Residential Exterior Wall Reaction to Post-Flashover Compartment Fires

Abstract

Large outdoor fires involving building-to-building fire spread are catastrophic, often resulting in significant loss of life and property. Previous research investigating ignition of buildings from exterior fires has focused on exposures from wildland fuels, which typically have shorter residence times compared to structure fires. This paper presents the details of full-scale building-to-building fire spread experiments conducted on residential exterior wall assemblies. Three wall assemblies sided with exterior plywood panels (hereafter referred to as T1–11), exterior insulation finishing system (EIFS), and fiber cement board were exposed to a post-flashover compartment fire at 1.8, 3.0, and 4.3 m separation distances to evaluate reaction-to-fire characteristics. All three wall assemblies tested ignited from the source exposure within this range of separation distances, which are common in residential areas with high structure density.

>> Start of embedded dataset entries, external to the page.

(* For every $n\in\mathbb N$, $2n\,\theta(s_n^2)=4n-2$. In particular $\lim_{n\to\infty}\theta(s_n^2)=2$.
   Context: $F$ is Thompson's group: the group of piecewise linear homeomorphisms of $[0,1]$ with finitely many dyadic breakpoints and slopes powers of $2$, with product $(fg)(t)=g(f(t))$; its standard generators are $x_0$ ($x_0(t)=2t$ on $[0,1/4]$, $t+1/4$ on $[1/4,1/2]$, $t/2+1/2$ on $[1/2,1]$) and $x_{k+1}=\varphi_R(x_k)$, where $\varphi_R(g)(t)=t$ on $[0,1/2]$ and $\tfrac12(1+g(2t-1))$ on $[1/2,1]$. Let $S$ be the set of dyadic rationals $t=\sum_{k=1}^m a_k2^{-k}$ ($a_k\in\{0,1\}$) with $\sum_ka_k$ even; Jones's oriented subgroup is $\vec F=\{g\in F: g(S)=S\}$ (equivalently the set of $g$ whose planar graph is 2-colourable). $\theta:\mathbb C[F]\to\mathbb C$ is the linear functional with $\theta(g)=1$ if $g\in\vec F$ and $\theta(g)=0$ otherwise, for $g\in F$. In $\mathbb C[F]$, $a_k=(x_k+x_k^{-1})/\sqrt2$ and $s_n=(a_0+\dots+a_{n-1})/\sqrt n$. *)

From HB Require Import structures.
From mathcomp Require Import all_boot all_order all_algebra all_field.
From Stdlib Require Import ClassicalEpsilon.
Set Implicit Arguments. Unset Strict Implicit. Unset Printing Implicit Defensive.
Import Order.TTheory GRing.Theory Num.Theory.
Local Open Scope ring_scope.

(* Elements of F are represented by their action on the rationals of [0,1]
   (a PL map with dyadic breakpoints is determined by it).  *)
Definition Fmap := rat -> rat.

Definition Fmul (f g : Fmap) : Fmap := fun t => g (f t).

Definition x0 : Fmap := fun t =>
  if t <= 1/4 then 2 * t else if t <= 1/2 then t + 1/4 else t / 2 + 1/2.
Definition x0inv : Fmap := fun t =>
  if t <= 1/2 then t / 2 else if t <= 3/4 then t - 1/4 else 2 * t - 1.

Definition phiR (g : Fmap) : Fmap := fun t =>
  if t <= 1/2 then t else (1 + g (2 * t - 1)) / 2.

(* x_k = phi_R^k(x_0);  x_k^{-1} = phi_R^k(x_0^{-1}) since phi_R is a homomorphism *)
Definition xk (k : nat) : Fmap := iter k phiR x0.
Definition xkinv (k : nat) : Fmap := iter k phiR x0inv.

Definition dyadic_val (a : seq bool) : rat :=
  \sum_(i < size a) (nth false a i)%:R / 2 ^+ i.+1.
Definition inS (t : rat) : Prop :=
  exists a : seq bool, t = dyadic_val a /\ ~~ odd (count id a).

Definition preservesS (g : Fmap) : Prop :=
  (forall t, inS t -> inS (g t)) /\ (forall u, inS u -> exists t, inS t /\ g t = u).

(* theta on group elements: indicator of Jones's oriented subgroup F-> *)
Definition thetaF (g : Fmap) : algC :=
  if excluded_middle_informative (preservesS g) then 1 else 0.

(* Elements of C[F] written as formal linear combinations sum_i c_i g_i. *)
Definition CF := seq (algC * Fmap).
Definition CFadd (A B : CF) : CF := A ++ B.
Definition CFscale (c : algC) (A : CF) : CF := [seq (c * p.1, p.2) | p <- A].
Definition CFmul (A B : CF) : CF :=
  [seq (p.1 * q.1, Fmul p.2 q.2) | p <- A, q <- B].
Definition CFgen (g : Fmap) : CF := [:: (1, g)].

(* theta extended linearly (well defined on C[F] since it is linear) *)
Definition theta (A : CF) : algC := \sum_(p <- A) p.1 * thetaF p.2.

Definition a_ (k : nat) : CF :=
  CFscale (sqrtC 2)^-1 (CFadd (CFgen (xk k)) (CFgen (xkinv k))).
Definition s_ (n : nat) : CF :=
  CFscale (sqrtC n%:R)^-1 (flatten [seq a_ k | k <- iota 0 n]).

(* Writing points of [0,1] in binary, x_k and x_k^-1 act on bit strings by local
   rewriting: x_k changes the parity of the number of ones exactly on strings that
   start with k+1 ones, and its output starts with k+2 ones exactly when its input
   starts with k+1 ones; for x_k^-1 the roles of k+1 and k+2 are swapped.  Hence the
   product g h of two signed generators preserves S when the output depth of g equals
   the input depth of h, and otherwise moves some point of S out of S or some point
   outside S into it.  Among the 2n generators x_0^{+-1}, ..., x_(n-1)^{+-1} each depth
   1 and n+1 occurs once and each depth 2..n twice, both as input and as output depth,
   so 1 + 4(n-1) + 1 = 4n-2 of the 4n^2 products lie in the oriented subgroup and
   theta(s_n^2) = (4n-2)/(2n). *)

From mathcomp Require Import all_boot all_order all_algebra all_field.
From mathcomp Require Import ring lra zify.
From Stdlib Require Import ClassicalEpsilon.
Set Implicit Arguments. Unset Strict Implicit. Unset Printing Implicit Defensive.
Import Order.TTheory GRing.Theory Num.Theory.
Local Open Scope ring_scope.

Local Notation dv := dyadic_val.
Local Notation parity a := (odd (count id a)).

Ltac case_ifs := repeat match goal with |- context [if ?b then _ else _] =>
  let h := fresh "h" in
  destruct b eqn:h; [| move/negbT: h; rewrite -ltNge => h] end.

Lemma dyadic_val_nil : dv [::] = 0.
Proof. by rewrite /dyadic_val big_ord0. Qed.

Lemma dyadic_val_cons b a : dv (b :: a) = ((b : nat)%:R + dv a) / 2.
Proof.
rewrite /dyadic_val /= big_ord_recl /= expr1 mulrDl; congr (_ + _).
rewrite [in RHS]big_distrl /=; apply: eq_bigr => i _.
by rewrite /bump /= add0n exprS invfM mulrA mulrAC.
Qed.

Lemma dyadic_val_bounds a : 0 <= dv a < 1.
Proof.
elim: a => [|b a /andP[ge0 lt1]]; first by rewrite dyadic_val_nil.
by rewrite dyadic_val_cons; case: b => /=; apply/andP; split; lra.
Qed.

Lemma dyadic_val_eq0 a : dv a = 0 -> count id a = 0%N.
Proof.
elim: a => [//|b a IH]; rewrite dyadic_val_cons => a0.
have /andP[ge0 _] := dyadic_val_bounds a.
by case: b a0 => /= a0; [exfalso; clear IH; lra | rewrite IH //; lra].
Qed.

Lemma dyadic_val_parity a b : dv a = dv b -> parity a = parity b.
Proof.
elim: a b => [|c a IH] [|d b].
- by [].
- by rewrite dyadic_val_nil => /esym /dyadic_val_eq0 ->.
- by rewrite dyadic_val_nil => /dyadic_val_eq0 ->.
rewrite !dyadic_val_cons => ab.
have /andP[a0 a1] := dyadic_val_bounds a; have /andP[b0 b1] := dyadic_val_bounds b.
by case: c ab; case: d => /= ab; first [rewrite (IH b) //; lra | exfalso; lra].
Qed.

Lemma inS_dyadic_val a : inS (dv a) <-> ~~ parity a.
Proof.
split=> [[b [/dyadic_val_parity -> //]] | even_a]; by exists a.
Qed.

Definition x0_bits (a : seq bool) : seq bool :=
  match a with
  | false :: false :: w => false :: w
  | false :: true :: w => true :: false :: w
  | true :: w => true :: true :: w
  | _ => [::]
  end.

Definition x0inv_bits (a : seq bool) : seq bool :=
  match a with
  | true :: true :: w => true :: w
  | true :: false :: w => false :: true :: w
  | [:: true] => [:: false; true]
  | false :: w => false :: false :: w
  | [::] => [::]
  end.

Definition phiR_bits (G : seq bool -> seq bool) (a : seq bool) : seq bool :=
  match a with
  | true :: w => true :: G w
  | _ => a
  end.

Definition xk_bits k := iter k phiR_bits x0_bits.
Definition xkinv_bits k := iter k phiR_bits x0inv_bits.

Lemma x0_dyadic a : x0 (dv a) = dv (x0_bits a).
Proof.
case: a => [|b [|c w]]; rewrite /x0.
- by rewrite /= dyadic_val_nil; case_ifs; lra.
- by case: b; rewrite /= !dyadic_val_cons dyadic_val_nil /=; case_ifs; lra.
- have /andP[w0 w1] := dyadic_val_bounds w.
  by case: b; case: c; rewrite /= !dyadic_val_cons /=; case_ifs; lra.
Qed.

Lemma x0inv_dyadic a : x0inv (dv a) = dv (x0inv_bits a).
Proof.
case: a => [|b [|c w]]; rewrite /x0inv.
- by rewrite /= dyadic_val_nil; case_ifs; lra.
- by case: b; rewrite /= !dyadic_val_cons dyadic_val_nil /=; case_ifs; lra.
- have /andP[w0 w1] := dyadic_val_bounds w.
  by case: b; case: c; rewrite /= !dyadic_val_cons /=; case_ifs; lra.
Qed.
(* Let $L\ge2$ and let $S=(d,N_1,\dots,N_L)$ be a neural network architecture. Let $\varrho:\mathbb{R}\to\mathbb{R}$ be continuous and assume there is $x_0\in\mathbb{R}$ such that $\varrho$ is differentiable at $x_0$ with $\varrho'(x_0)\ne0$. Let $\Omega\subset\mathbb{R}^d$ have nonempty interior, and assume that $\mathcal{RNN}_\varrho^\Omega(S)$ does not contain infinitely many linearly independent functions. Then $\varrho$ is a polynomial.
   Context: A neural network with architecture $S=(N_0,\dots,N_L)$ ($N_0=d$) is a family $\Phi=((A_\ell,b_\ell))_{\ell=1}^L$, $A_\ell\in\mathbb{R}^{N_\ell\times N_{\ell-1}}$, $b_\ell\in\mathbb{R}^{N_\ell}$; $\mathcal{NN}(S)$ is the set of these. $\mathrm{R}_\varrho^\Omega(\Phi):\Omega\to\mathbb{R}^{N_L}$, $x\mapsto x_L$, where $x_0=x$, $x_\ell=\varrho(A_\ell x_{\ell-1}+b_\ell)$ for $1\le\ell\le L-1$ (componentwise), $x_L=A_Lx_{L-1}+b_L$; $\mathcal{RNN}_\varrho^\Omega(S)=\{\mathrm{R}_\varrho^\Omega(\Phi):\Phi\in\mathcal{NN}(S)\}$. *)

From HB Require Import structures.
From mathcomp Require Import all_boot all_order all_algebra.
From mathcomp Require Import all_classical all_reals all_analysis.
Set Implicit Arguments. Unset Strict Implicit. Unset Printing Implicit Defensive.
Import Order.TTheory GRing.Theory Num.Theory.
Import numFieldNormedType.Exports.
Local Open Scope classical_set_scope.
Local Open Scope ring_scope.

(* A network with input dimension n0 and layer widths Ns = [:: N_1; ...; N_L]:
   a list of pairs (A_l, b_l), A_l : 'M_(N_l, N_{l-1}), b_l : 'cV_(N_l). *)
Fixpoint NN (R : realType) (n0 : nat) (Ns : seq nat) : Type :=
  match Ns with
  | [::] => unit
  | n1 :: Ns' => ('M[R]_(n1, n0) * 'cV[R]_n1) * NN R n1 Ns'
  end.

Fixpoint realize (R : realType) (rho : R -> R) (n0 : nat) (Ns : seq nat)
  : NN R n0 Ns -> 'cV[R]_n0 -> 'cV[R]_(last n0 Ns) :=
  match Ns return NN R n0 Ns -> 'cV[R]_n0 -> 'cV[R]_(last n0 Ns) with
  | [::] => fun _ x => x
  | n1 :: Ns' => fun Phi x =>
      let y := Phi.1.1 *m x + Phi.1.2 in
      realize rho Phi.2 (if nilp Ns' then y else map_mx rho y)
  end.

(* RNN_rho^Omega(S) contains infinitely many linearly independent functions:
   there is a sequence of realizations whose restrictions to Omega are
   linearly independent (every finite initial segment is independent). *)
Definition inf_lin_indep_realizations (R : realType) (rho : R -> R)
  (d : nat) (Ns : seq nat) (Omega : set 'cV[R]_d) : Prop :=
  exists Phi : nat -> NN R d Ns,
    forall (n : nat) (c : 'I_n -> R),
      (forall x, Omega x -> \sum_(i < n) c i *: realize rho (Phi i) x = 0) ->
      forall i, c i = 0.

Definition is_polynomial (R : realType) (rho : R -> R) : Prop :=
  exists p : {poly R}, forall x, rho x = p.[x].

From HB Require Import structures.
From mathcomp Require Import all_boot all_order all_algebra.
From mathcomp Require Import all_classical all_reals all_analysis.
From mathcomp Require Import ring lra qpoly.
Set Implicit Arguments. Unset Strict Implicit. Unset Printing Implicit Defensive.
Import Order.TTheory GRing.Theory Num.Theory.
Import numFieldNormedType.Exports.
Local Open Scope classical_set_scope.
Local Open Scope ring_scope.

(* If the realizations span a finite-dimensional space on Omega, then along a
   segment in the interior of Omega one finds finitely many distinct nodes
   s_j and weights mu_j, not all zero, such that sum_j mu_j F(s_j) = 0 for
   every realization F.  Networks with one active neuron per layer realize
   t |-> H(w t + b) for every scalar chain
   H(t) = rho(a_k rho(... rho(a_1 rho(t) + b_1) ...) + b_k), so H satisfies
   sum_j mu_j H(w s_j + b) = 0 for all w, b.  Averaging this relation over w
   shows that H is C^1 and that H' satisfies the relation with weights
   mu_j s_j; choosing K with sum_j mu_j s_j^K <> 0 (Vandermonde), induction
   on K shows that H is a polynomial of degree < K.  Finally the outer layers
   are peeled off: if rho(a u(t) + x0) is a polynomial of bounded degree for
   every a, so is the limit of its difference quotients in a, namely
   u(t) rho'(x0). *)

Section ScalarNetworks.
Variables (R : realType) (rho : R -> R).

Definition scalar_layer (wb : R * R) (n1 n0 : nat) : 'M[R]_(n1, n0) * 'cV[R]_n1 :=
  (\matrix_(i, j) if (i == 0 :> nat) && (j == 0 :> nat) then wb.1 else 0,
   \col_i if i == 0 :> nat then wb.2 else 0).

(* Missing pairs default to (1, 0), so when [size ws = (size Ns).-1] the last,
   affine, layer just forwards the first coordinate. *)
Fixpoint scalar_net (ws : seq (R * R)) (n0 : nat) (Ns : seq nat) : NN R n0 Ns :=
  match Ns return NN R n0 Ns with
  | [::] => tt
  | n1 :: Ns' => (scalar_layer (head (1, 0) ws) n1 n0, scalar_net (behead ws) n1 Ns')
  end.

Combustible siding (T1–11 and EIFS) ignited at the 3.0 and 4.3 m separation distances, whereas sheathing behind the noncombustible siding (fiber cement) wall assembly ignited at the 1.8 m separation distance. Compared to results from experiments with an identical protocol that examined the performance of double-pane window assemblies, the maximum heat load (time-integrated heat flux) at the time of ignition at the 3.0 m separation distance was consistently higher than the heat load at the time of cracking of the outer pane of plain (annealed) glass window assemblies but lower than that for cracking of both panes of a double-pane window assembly. Current codes, standards, and test methods should address fire penetration, as well as vertical and lateral flame propagation of exterior wall assemblies.